Two weeks ago at the Ravenna Kennel Club, the import girl I have here, V Ambra vom Lastal SchH1 FH KKl1 went best of breed over another open bitch for her first point!

I achieved a lifetime goal by pointing an import in an AKC ring, so I'm pretty doggone happy. To top it off, it was my first BOB with a GSD (my first BOB ever was on a Viszla named Csonka).

Ambra will be shown again this weekend and we're hoping for more points  She will be exhibited in conformation Thursday and Monday, Friday and Saturday will be devoted to trying to get her first two legs for her CD ^_^

I will be handling Ambra for her owner at her breed survey next month


----------



## Abbylynn (Jul 7, 2011)

Well congratulations for sure! Ambra is beautiful. Good luck this weekend. Maybe you are a winning streak this year!


----------



## Niraya (Jun 30, 2011)

Aw! Yay! Congratulations Ambra! More importantly congratulations Xeph!!

Good luck on everything this weekend!


----------



## Trzcina (Aug 9, 2010)

Lovely GSD, and congrats on the points! I love GSDs, but find the AKC show lines... unappealing. So big congrats on pointing an import!


----------



## Xeph (May 7, 2007)

Well, I have my two American girls (Yup, I own AKC show lines ) and Ambra entered for this weeks shows, so I hope one of em comes home with points  Don't care which one, lol


----------



## MrsBoats (May 20, 2010)

Congratulations!!!!!!  That is awesome news!!!! 
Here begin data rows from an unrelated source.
(* Let $E$ be a closed subset of $\mathbb{R}^n$ and let $k \ge 1$ be such that every two points $x, y \in E$ can be connected by a rectifiable path contained in $E$ whose length is at most $k\,|x-y|$. Let $A$ be a continuous function on $E$ whose values $A(x)$ are linear mappings from $\mathbb{R}^n$ to $\mathbb{R}$, and let $f : E \to \mathbb{R}$ be locally Lipschitz. Suppose that for every interval $I \subseteq \mathbb{R}$ and every locally Lipschitz map $p : I \to E$, the derivative of $t \mapsto f(p(t))$ equals $A(p(t))(p'(t))$ for almost every $t \in I$. Then for every $x, y \in E$, $$|f(y) - f(x) - A(x)(y-x)| \le k\,|x-y|\,\sup\{\,|A(w) - A(x)| : w \in E,\ |x-w| \le k\,|x-y|\,\}.$$
   Context: $|\cdot|$ denotes the Euclidean norm on $\mathbb{R}^n$; for linear maps $B : \mathbb{R}^n \to \mathbb{R}$, $|B|$ denotes the operator norm (equivalently, the Euclidean norm of the vector representing $B$ via the standard inner product). *)

From HB Require Import structures.
From mathcomp Require Import all_boot all_order all_algebra.
From mathcomp Require Import all_classical all_reals all_analysis.
Set Implicit Arguments. Unset Strict Implicit. Unset Printing Implicit Defensive.
Import Order.TTheory GRing.Theory Num.Theory.
Import numFieldNormedType.Exports.
Local Open Scope classical_set_scope.
Local Open Scope ring_scope.

Section Defs.
Variables (R : realType) (n : nat).

Definition enorm (v : 'rV[R]_n) : R := Num.sqrt (\sum_(i < n) v 0 i ^+ 2).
Good luck on getting more points and those CD legs!!!!!


----------



## Keechak (Aug 10, 2008)

She is just a beautiful girl! I am so happy that you get to handle her!


----------



## Trzcina (Aug 9, 2010)

Xeph said:


> Well, I have my two American girls (Yup, I own AKC show lines ) and Ambra entered for this weeks shows, so I hope one of em comes home with points  Don't care which one, lol


Best of luck! 

(And it's not that I dislike all AKC show lines. I've met a few very nice dogs from them... I've just also met others that made me go "...Uh, okay then... sure that's a good GSD temperament..." Though at least some of those were the result of coercive, harsh training techniques, to be honest. And some -are- funky-looking imo, haha).


----------



## Kayota (Aug 14, 2009)

She's beautiful! Congrats


----------



## HC Robbie (May 31, 2012)

Well done!


----------